I'm just going to guess, okay I'm going to hope, that your hands aren't in your pants. And I'm going to assume that the reason your hands aren't in your pants is that your mom diligently reminded you (and nagged, and yelled, and scolded) that polite little boys and girls don't walk around with their hands in their pants. And it worked for you, didn't it? Please tell me it worked.
You see, my oldest child has developed the habit of going through life with his hands down his pants. Now don't get ahead of me here because there's nothing vulgar about this. It's just a bad habit that I WILL BREAK.
I'm no stranger to bad habits. I think I started chewing my nails in the womb, and on any given day I will have one beautiful, well-manicured nail just to prove I can grow nails.
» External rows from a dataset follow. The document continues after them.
(* If $\partial\psi\left(C\right)=E^*$ or $C$ is compact, then $\forall a\in C$, the strategy $S\textup{-II}$ (which is Optimistic-MD) enjoys the following dynamic regret upper bound, \begin{equation*} \begin{aligned} \mathrm{Regret}\left(z_1,z_2,\cdots,z_T\right) \leqslant\ &\sum_{t=1}^{T}\frac{1}{\theta_t}\left[B_{\psi}\left(z_t, \widetilde{x}_{t}^\psi\right)-B_{\psi}\left(z_t, \check{x}_{t+1}^\psi\right)\right] \\ &+\sum_{t=1}^{T}\frac{1}{\theta_t}\phi^\star\left(\theta_t\left\lVert x_t^*-\widehat{x}_t^*\right\rVert\right) -\sum_{t=1}^{T}\frac{1}{\theta_t}B_{\psi}\left(x_{t}, \widetilde{x}_{t}^\psi\right), \quad\forall z_t\in C. \end{aligned} \end{equation*}
   Context: $E$ is a normed vector space over $\mathbb{R}$ with dual $E^*$ and duality pairing $\langle\cdot,\cdot\rangle$; $\star$ denotes the Fenchel conjugate. For a proper function $\psi$, the generalized Bregman divergence is $B_\psi(x,y^* )=\psi(x)+\psi^\star(y^* )-\langle y^*,x\rangle$, and $\partial\psi(x)=\{x^*\in E^*: B_\psi(x,x^* )=0\}$; $\operatorname{gra}$ denotes the graph of a (multivalued) map. $\psi$ is $\phi$-convex if $B_\psi(x,y^* )\geqslant\phi(\lVert x-y\rVert)$ for all $x\in E$ and all $(y,y^* )\in\operatorname{gra}\partial\psi$, where $\phi$ is convex, $\phi\geqslant0$, $\phi(0)=0$. Online setting: $C\neq\varnothing$ is a closed convex subset of $E$; at round $t$ the learner picks $x_t\in C$ and the adversary returns a loss $\varphi_t$ with $\operatorname{dom}\partial\varphi_t\supset C$; $x_t^*\in\partial\varphi_t(x_t)$; $\mathrm{Regret}(z_1,\dots,z_T)=\sum_{t=1}^T\varphi_t(x_t)-\sum_{t=1}^T\varphi_t(z_t)$. Strategy $S\textup{-II}$: $\psi\colon C\to\mathbb{R}$ is $\phi$-convex, $(a,a^\psi)\in\operatorname{gra}\partial\psi$, parameters $\theta_t>0$, estimates $\widehat{x}_t^*\in E^*$ of $x_t^*$; updates $\check{x}_t^\psi=\widetilde{x}_{t-1}^\psi-\theta_{t-1}x_{t-1}^*$, $\widetilde{x}_t\in\partial\psi^\star(\check{x}_t^\psi)$, $\widetilde{x}_t^\psi\in\partial\psi(\widetilde{x}_t)$, $\widetilde{x}_1^\psi=a^\psi$, and $x_t\in\partial\psi^\star(\widetilde{x}_t^\psi-\theta_t\widehat{x}_t^* )$. *)

From mathcomp Require Import all_boot all_order all_algebra.
From mathcomp Require Import all_classical all_reals all_analysis.
Import Order.TTheory GRing.Theory Num.Theory.
Import numFieldNormedType.Exports.

Set Implicit Arguments.
Unset Strict Implicit.
Unset Printing Implicit Defensive.

Local Open Scope classical_set_scope.
Local Open Scope ring_scope.

Section Defs.
Context {R : realType} {E : normedModType R}.

(* Elements of the dual E^star : continuous linear functionals E -> R.
   The duality pairing <f, x> is just f x. *)
Definition dual_elt (f : E -> R) : Prop :=
  (forall (a : R) (x y : E), f (a *: x + y) = a * f x + f y) /\ continuous f.

Definition dual_norm (f : E -> R) : R :=
  sup ((fun x => `|f x|) @` [set x : E | `|x| <= 1]).

(* Fenchel conjugate of psi : C -> R (psi = +oo outside C), evaluated at y in E^star *)
Definition fconj (C : set E) (psi : E -> R) (y : E -> R) : \bar R :=
  ereal_sup ((fun x => (y x - psi x)%:E) @` C).

Definition bregman (C : set E) (psi : E -> R) (x : E) (y : E -> R) : \bar R :=
  ((psi x)%:E + fconj C psi y - (y x)%:E)%E.

Definition subdiff (C : set E) (psi : E -> R) (x : E) : set (E -> R) :=
  [set y | C x /\ dual_elt y /\ bregman C psi x y = 0%E].

(* subdifferential of the conjugate, as the inverse of subdiff:
   x in d psi^star(y^star)  <->  y^star in d psi(x) *)
Definition subdiff_conj (C : set E) (psi : E -> R) (y : E -> R) : set E :=
  [set x | subdiff C psi x y].

Definition eproper (g : E -> \bar R) : Prop :=
  (forall x, g x != -oo%E) /\ (exists x, g x != +oo%E).

Definition econj (g : E -> \bar R) (y : E -> R) : \bar R :=
  ereal_sup ((fun x => ((y x)%:E - g x)%E) @` [set: E]).

Definition ebregman (g : E -> \bar R) (x : E) (y : E -> R) : \bar R :=
  (g x + econj g y - (y x)%:E)%E.

Definition esubdiff (g : E -> \bar R) (x : E) : set (E -> R) :=
  [set y | dual_elt y /\ ebregman g x y = 0%E].

Definition phi_conj (phi : R -> R) (s : R) : \bar R :=
  ereal_sup ((fun t => (s * t - phi t)%:E) @` [set t : R | 0 <= t]).

Definition admissible_phi (phi : R -> R) : Prop :=
  [/\ forall s t l : R, 0 <= s -> 0 <= t -> 0 <= l <= 1 ->
        phi (l * s + (1 - l) * t) <= l * phi s + (1 - l) * phi t,
      forall t : R, 0 <= t -> 0 <= phi t
    & phi 0 = 0].

Definition phi_convex (C : set E) (psi : E -> R) (phi : R -> R) : Prop :=
  forall x, C x -> forall y ys, subdiff C psi y ys ->
    ((phi `|x - y|)%:E <= bregman C psi x ys)%E.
My small victory. And for a short period of my life I had those fabulous solar nails that looked perfect and couldn't be chewed, but it's just not economically feasible for me to buy nails when God gave me the ability to grow them. So I chew them. All the time.
I also have the fabulous bad habit of munching (on food, not nails) when I need to do a mundane task. Jelly Belly jelly beans are my favorite, and I can go through an average sized bag of them every time I give a TAKS test. While I "actively monitor" students, I eat jelly beans one at a time, and sometimes I count to a certain number in between beans. Or I park the beans at one area of the room and allow myself to have one on every third pass. I usually end up with a little stomach ache, but I keep my sanity during four hours of watching people take tests.
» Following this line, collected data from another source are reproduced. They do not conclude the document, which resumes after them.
(* Let $D=\mathrm{diag}(1,-1,1,-1,\ldots)=(1,-x)$, let $P=\bigl[\binom{i}{j}\bigr]_{i,j\ge 0}=\bigl(\tfrac{1}{1-x},\tfrac{x}{1-x}\bigr)$ be the Pascal matrix, and let $\mathbb{F}^{\rm S}=(1,x(1+x))$ and $\mathbb{L}^{\rm S}=(1+2x,x(1+x))$. Let $C(x)=\frac{1-\sqrt{1-4x}}{2x}$, $M(x)=\frac{1-x-\sqrt{(1-x)^2-4x^2}}{2x^2}$ and $W(x)=\sum_{n\ge0}\binom{2n}{n}x^n$. Then: (a) $D(\mathbb{F}^{\rm S})^{-1}D=(1,xC(x))=P\left(\frac{M(x)-xM(x)-x^2M(x)^2}{1+x},\frac{x+x^2M(x)}{1+x}\right)$; (b) $D(\mathbb{L}^{\rm S})^{-1}D=\left(\frac{1}{1-2xC(x)},xC(x)\right)=(W(x),x)\,P\left(\frac{M(x)-xM(x)-x^2M(x)^2}{1+x},\frac{x+x^2M(x)}{1+x}\right)$; (c) $D(\mathbb{L}^{\rm S})^{-1}D=\left(\frac{1}{1-2xC(x)},x\right)D(\mathbb{F}^{\rm S})^{-1}D=(W(x),x)\,D(\mathbb{F}^{\rm S})^{-1}D=D(\mathbb{F}^{\rm S})^{-1}D\left(\frac{1}{1-2x},x\right)$.
   Context: All matrices are infinite with rows and columns indexed by $0,1,2,\ldots$. For formal power series $g(x)=g_0+g_1x+\cdots$ and $f(x)=f_1x+f_2x^2+\cdots$, $(g(x),f(x))$ denotes the infinite lower triangular matrix whose $j$-th column ($j=0,1,\ldots$) has generating function $g(x)f(x)^j$; it is a Riordan matrix when $g_0\neq0$ and $f_1\neq0$. Riordan matrices form a group under matrix multiplication, with $(g(x),f(x))(h(x),l(x))=(g(x)h(f(x)),l(f(x)))$ and $(g(x),f(x))^{-1}=(1/g(\bar f(x)),\bar f(x))$, where $\bar f$ is the compositional inverse of $f$. *)

From mathcomp Require Import all_boot all_order all_algebra.
Set Implicit Arguments. Unset Strict Implicit. Unset Printing Implicit Defensive.
Import Order.TTheory GRing.Theory Num.Theory.
Local Open Scope ring_scope.

Definition series (R : Type) := nat -> R.
Definition mat (R : Type) := nat -> nat -> R.

Section PowerSeries.
Variable R : numFieldType.

Definition ps_const (c : R) : series R := fun n => if n is 0%N then c else 0.
Definition ps_X : series R := fun n => (n == 1%N)%:R.
Definition ps_add (f g : series R) : series R := fun n => f n + g n.
Definition ps_opp (f : series R) : series R := fun n => - f n.
Definition ps_sub (f g : series R) : series R := ps_add f (ps_opp g).
Definition ps_scale (c : R) (f : series R) : series R := fun n => c * f n.
Definition ps_mul (f g : series R) : series R :=
  fun n => \sum_(i < n.+1) f i * g (n - i)%N.
Definition ps_pow (f : series R) (k : nat) : series R :=
  iter k (ps_mul f) (ps_const 1).
(* multiplicative inverse of a series with f 0 != 0:
   1/f = f0^-1 * sum_k h^k,  h = 1 - f/f0 (h 0 = 0, so only k <= n matter) *)
Definition ps_inv (f : series R) : series R :=
  fun n => (f 0%N)^-1 *
    \sum_(k < n.+1) ps_pow (ps_sub (ps_const 1) (ps_scale (f 0%N)^-1 f)) k n.
Definition ps_div (f g : series R) : series R := ps_mul f (ps_inv g).
(* division by x of a series with zero constant term *)
Definition ps_divX (f : series R) : series R := fun n => f n.+1.
Definition gbinom (a : R) (k : nat) : R :=
  (\prod_(i < k) (a - i%:R)) / (k`!)%:R.
(* square root of a series with constant term 1, via the binomial series
   sqrt(1 + u) = sum_k binom(1/2, k) u^k  (u 0 = 0) *)
Definition ps_sqrt (f : series R) : series R :=
  fun n => \sum_(k < n.+1)
             gbinom (1 / 2%:R) k * ps_pow (ps_sub f (ps_const 1)) k n.

Definition ps_C : series R :=
  ps_divX (ps_scale (1 / 2%:R)
    (ps_sub (ps_const 1) (ps_sqrt (ps_sub (ps_const 1) (ps_scale 4%:R ps_X))))).
Definition ps_M : series R :=
  let one_m_x := ps_sub (ps_const 1) ps_X in
  ps_divX (ps_divX (ps_scale (1 / 2%:R)
    (ps_sub one_m_x
       (ps_sqrt (ps_sub (ps_pow one_m_x 2) (ps_scale 4%:R (ps_pow ps_X 2))))))).
Definition ps_W : series R := fun n => ('C(n.*2, n))%:R.

(* infinite matrices; all matrices below are lower triangular, for which the
   matrix product (A B)_{ij} = sum_k A_{ik} B_{kj} reduces to k <= i *)
Definition mat_mul (A B : mat R) : mat R :=
  fun i j => \sum_(k < i.+1) A i k * B k j.
Definition mat_id : mat R := fun i j => (i == j)%:R.
Definition mat_pow (A : mat R) (m : nat) : mat R := iter m (mat_mul A) mat_id.
(* inverse of a lower triangular matrix A with nonzero diagonal:
   A = Diag (I - N), N strictly lower triangular, so
   A^-1 = (sum_m N^m) Diag^-1, and N^m i j = 0 for m > i - j *)
Definition mat_inv (A : mat R) : mat R :=
  let N := fun i j => (i == j)%:R - A i j / A i i in
  fun i j => if (i < j)%N then 0
             else (\sum_(m < i.+1) mat_pow N m i j) / A j j.

Definition riordan (g f : series R) : mat R :=
  fun n k => ps_mul g (ps_pow f k) n.

Definition D_mat : mat R := riordan (ps_const 1) (ps_opp ps_X).
Definition pascal_mat : mat R :=
  riordan (ps_inv (ps_sub (ps_const 1) ps_X))
          (ps_div ps_X (ps_sub (ps_const 1) ps_X)).
Definition FS : mat R :=
  riordan (ps_const 1) (ps_mul ps_X (ps_add (ps_const 1) ps_X)).
Definition LS : mat R :=
  riordan (ps_add (ps_const 1) (ps_scale 2%:R ps_X))
          (ps_mul ps_X (ps_add (ps_const 1) ps_X)).

End PowerSeries.

From HB Require Import structures.
From mathcomp Require Import all_boot all_order all_algebra.
From mathcomp Require Import boolp ring.
Set Implicit Arguments. Unset Strict Implicit. Unset Printing Implicit Defensive.
Import GRing.Theory Num.Theory.
Local Open Scope ring_scope.

(** Power series over R form a commutative ring, and composition
   with a series without constant term is a ring morphism; both facts reduce to
   polynomial algebra on truncations.  This gives the product rule
   (g, f) (h, l) = (g h(f), l(f)) for Riordan matrices; since a lower triangular
   matrix with nonzero diagonal has a unique right inverse, (g, f)^-1 = (h, l) as
   soon as g h(f) = 1 and l(f) = x, and conjugation by D maps (g, f) to
   (g(-x), -f(-x)).  Everything about C follows from xC being the unique root of
   u^2 - u + x vanishing at 0: the compositional inverse of x(1+x) is -xC(-x),
   1 - 2xC = sqrt(1-4x) = 1/W, and the substitution x = y/(1+y), which turns the
   equation of M into the equation of C, gives the factorization through P. *)

(** * The ring of formal power series *)

Section PowerSeriesRing.
Variable R : numFieldType.
Implicit Types (a b f g h l u : series R) (p q : {poly R}) (c d : R).

Lemma ps_ext a b : a =1 b -> a = b.
Proof. exact: funext. Qed.

(* Coefficients below N of products and compositions only depend on the
   truncations at N, so polynomial algebra proves the ring laws. *)
Definition trunc N a : {poly R} := \poly_(i < N) a i.
Definition agree N p q := forall i, (i < N)%N -> p`_i = q`_i.

Lemma coef_trunc N a i : (trunc N a)`_i = if (i < N)%N then a i else 0.
Proof. by rewrite coef_poly. Qed.

Lemma agree_mul N p p' q q' :
  agree N p p' -> agree N q q' -> agree N (p * q) (p' * q').
Proof.
move=> hp hq i hi; rewrite !coefM; apply: eq_bigr => j _.
by rewrite hp ?hq // (leq_ltn_trans _ hi) ?leq_subr // -ltnS.
Qed.

Lemma ps_mul_trunc N a b i : (i < N)%N -> ps_mul a b i = (trunc N a * trunc N b)`_i.
Proof.
move=> hi; rewrite coefM; apply: eq_bigr => j _.
by rewrite !coef_trunc !(leq_ltn_trans _ hi) ?leq_subr // -ltnS.
Qed.

Lemma trunc_mul N a b : agree N (trunc N (ps_mul a b)) (trunc N a * trunc N b).
Proof. by move=> i hi; rewrite coef_trunc hi (ps_mul_trunc _ _ hi). Qed.

Lemma ps_mulA : associative (@ps_mul R).
Proof.
move=> a b c; apply: ps_ext => n; have ltn := ltnSn n.
rewrite (ps_mul_trunc _ _ ltn) [RHS](ps_mul_trunc _ _ ltn).
rewrite (agree_mul (fun _ _ => erefl) (@trunc_mul _ _ _)) //.
by rewrite (agree_mul (@trunc_mul _ _ _) (fun _ _ => erefl)) // mulrA.
Qed.

Lemma ps_mulC : commutative (@ps_mul R).
Proof.
move=> a b; apply: ps_ext => n; have ltn := ltnSn n.
by rewrite (ps_mul_trunc _ _ ltn) [RHS](ps_mul_trunc _ _ ltn) mulrC.
Qed.

Lemma ps_mul1 : left_id (ps_const 1) (@ps_mul R).
Proof.
move=> a; apply: ps_ext => n; rewrite /ps_mul big_ord_recl /= mul1r subn0.
by rewrite big1 ?addr0 // => i _; rewrite mul0r.
Qed.

Lemma ps_mulDl : left_distributive (@ps_mul R) (@ps_add R).
Proof.
move=> a b c; apply: ps_ext => n; rewrite /ps_mul /ps_add -big_split /=.
by apply: eq_bigr => i _; rewrite mulrDl.
Qed.

Lemma ps_addA : associative (@ps_add R).
Proof. by move=> a b c; apply: ps_ext => n; rewrite /ps_add addrA. Qed.

Lemma ps_addC : commutative (@ps_add R).
Proof. by move=> a b; apply: ps_ext => n; rewrite /ps_add addrC. Qed.

Lemma ps_add0 : left_id (ps_const 0) (@ps_add R).
Proof. by move=> a; apply: ps_ext => -[|n]; rewrite /ps_add /= add0r. Qed.

Lemma ps_addN : left_inverse (ps_const 0) (@ps_opp R) (@ps_add R).
Proof. by move=> a; apply: ps_ext => -[|n]; rewrite /ps_add /ps_opp /= addNr. Qed.

Lemma ps_const1_neq0 : ps_const (1 : R) != ps_const 0.
Proof. by apply/eqP => /(congr1 (fun f : series R => f 0%N))/eqP; rewrite oner_eq0. Qed.

HB.instance Definition _ := Choice.copy (series R) (nat -> R).
HB.instance Definition _ :=
  GRing.isZmodule.Build (series R) ps_addA ps_addC ps_add0 ps_addN.
HB.instance Definition _ := GRing.Zmodule_isComNzRing.Build (series R)
  ps_mulA ps_mulC ps_mul1 ps_mulDl ps_const1_neq0.
Local Notation X := (ps_X R).

Lemma ps_addE a b : ps_add a b = a + b. Proof. by []. Qed.
Lemma ps_oppE a : ps_opp a = - a. Proof. by []. Qed.
Lemma ps_subE a b : ps_sub a b = a - b. Proof. by []. Qed.
Lemma ps_mulE a b : ps_mul a b = a * b. Proof. by []. Qed.
Lemma ps_const1E : ps_const 1 = 1 :> series R. Proof. by []. Qed.

Lemma ps_coefD a b n : (a + b) n = a n + b n. Proof. by []. Qed.
Lemma ps_coefN a n : (- a) n = - a n. Proof. by []. Qed.
Lemma ps_coefB a b n : (a - b) n = a n - b n. Proof. by []. Qed.
Lemma ps_coef0 n : (0 : series R) n = 0. Proof. by case: n. Qed.
Lemma ps_coef1 n : (1 : series R) n = (n == 0)%:R. Proof. by case: n. Qed.
Lemma ps_coefM a b n : (a * b) n = \sum_(i < n.+1) a i * b (n - i)%N.
Proof. by []. Qed.
Lemma ps_coefM_trunc N a b i : (i < N)%N -> (a * b) i = (trunc N a * trunc N b)`_i.
Proof. exact: ps_mul_trunc. Qed.

Lemma ps_coefM0 a b : (a * b) 0%N = a 0%N * b 0%N.
Proof. by rewrite ps_coefM big_ord1. Qed.

Lemma ps_coef_sum I (r : seq I) (P : pred I) (F : I -> series R) n :
  (\sum_(i <- r | P i) F i) n = \sum_(i <- r | P i) F i n.
Proof.
elim: r => [|x r ih]; first by rewrite !big_nil ps_coef0.
by rewrite !big_cons; case: (P x); rewrite ?ps_coefD ih.
Qed.

Lemma ps_coefCM c a n : (ps_const c * a) n = c * a n.
Proof.
by rewrite ps_coefM big_ord_recl subn0 big1 ?addr0 // => i _; rewrite mul0r.
Qed.

Lemma ps_constD c d : ps_const (c + d) = ps_const c + ps_const d.
Proof. by apply: ps_ext => -[|n]; rewrite ps_coefD //= addr0. Qed.

Lemma ps_constN c : ps_const (- c) = - ps_const c.
Proof. by apply: ps_ext => -[|n]; rewrite ps_coefN //= oppr0. Qed.

Lemma ps_constM c d : ps_const (c * d) = ps_const c * ps_const d.
Proof. by apply: ps_ext => n; rewrite ps_coefCM; case: n => //= n; rewrite mulr0. Qed.

Lemma ps_constX c k : ps_const (c ^+ k) = ps_const c ^+ k.
Proof. by elim: k => [|k ih] //; rewrite !exprS ps_constM ih. Qed.

Lemma ps_const_nat k : ps_const k%:R = k%:R :> series R.
Proof. by elim: k => [|k ih] //; rewrite !mulrS ps_constD ih. Qed.

Lemma ps_scaleE c a : ps_scale c a = ps_const c * a.
Proof. by apply: ps_ext => n; rewrite ps_coefCM. Qed.

Lemma ps_powE a k : ps_pow a k = a ^+ k.
Proof. by elim: k => [|k ih] //=; rewrite ih exprS. Qed.

Lemma ps_divE a b : ps_div a b = a * ps_inv b.
Proof. by []. Qed.

Definition ps_ringE := (ps_addE, ps_subE, ps_oppE, ps_mulE, ps_const1E,
  ps_const_nat, ps_scaleE, ps_powE, ps_divE).

Lemma ps_coefXM g n : (X * g) n = if n is n'.+1 then g n' else 0.
Proof.
case: n => [|n]; first by rewrite ps_coefM0 mul0r.
rewrite ps_coefM big_ord_recl big_ord_recl /= mul0r add0r mul1r subSS subn0.
by rewrite big1 ?addr0 // => i _; rewrite /ps_X mul0r.
Qed.

Lemma ps_coefXnM k g n : (X ^+ k * g) n = if (n < k)%N then 0 else g (n - k)%N.
Proof.
elim: k n g => [|k ih] n g; first by rewrite mul1r subn0.
rewrite exprSr -mulrA ih ps_coefXM ltnS.
case: (ltnP n k) => h; first by rewrite ltnW.
by rewrite -subn_eq0 subnS; case: (n - k)%N.
Qed.

Lemma ps_coefXn k n : (X ^+ k) n = (n == k)%:R.
Proof.
rewrite -[X ^+ k]mulr1 ps_coefXnM ps_coef1 subn_eq0.
by case: ltngtP.
Qed.

Lemma ps_coef0_exp a k : (a ^+ k) 0%N = a 0%N ^+ k.
Proof. by elim: k => [|k ih] //; rewrite !exprS ps_coefM0 ih. Qed.

Lemma ps_divXK f : f 0%N = 0 -> X * ps_divX f = f.
Proof. by move=> f0; apply: ps_ext => -[|n]; rewrite ps_coefXM. Qed.

Lemma ps_mulX_inj : injective (fun f => X * f).
Proof.
move=> f g /(congr1 (fun u : series R => u _.+1)) eqXfg.
by apply: ps_ext => n; move: (eqXfg n); rewrite !ps_coefXM.
Qed.

(** * Composition *)

Lemma trunc_exp N f k : agree N (trunc N (f ^+ k)) (trunc N f ^+ k).
Proof.
elim: k => [|k ih] i hi; first by rewrite !expr0 coef_trunc hi ps_coef1 coef1.
rewrite !exprS coef_trunc hi (ps_coefM_trunc _ _ hi).
exact: (agree_mul (fun _ _ => erefl) ih).
Qed.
I also need to munch when I'm trying to focus really hard something tedious. I tried to buy lots of almonds last year when I was working on the English department master schedule because I knew I would need to munch. Peanut M&M's work well, too, but I have to eat them in three steps each. You know, take a bite, eat it, eat the peanut from the middle, then eat the other chocolate candy half. Everyone does that right? Somehow it makes me focus - like my chewing jaws are a little motor for my brain. Now that I think about it, munching might give me genius superpowers.
But I never put my hands down my pants. That's just weird.
Tuck's a pretty smart kid, and I think he's decided that pants without pockets can have make-shift pockets if you stick your hands down the waistband. It's been colder lately, so perhaps he's trying to keep his hands warm while wearing pocket-less pants.
Either way, I find myself constantly saying, "Get your hands out of your pants." I thought the problem was confined to home, but yesterday we were Christmas shopping and I caught him with his hands warming just under his waistband. I called him over, grabbed his little face, and whispered, "You do not want me to scream at you across the store to get your hands out of your pants. You will be very embarrassed. It's just not polite." That seemed to fix the problem for the rest of the shopping trip.
But it didn't stop the problem. And it didn't stop me from thinking about him being the weird kid at school who the girls describe with a disapproving scowl: "Tucker always has his hands in his pants. It's sooooo gross." Just ask Wesley Green, the kid in my third grade class who picked his nose. He could tell you. I'm sure he ended up as a social outcast who had to get a job at the North Pole because everyone knew he picked his boogers in the third grade and he couldn't stand the humiliation.
So I persevere. "Get your hands out of your pants," I say, and I mean it. Then five minutes later I say it again. And again. And again.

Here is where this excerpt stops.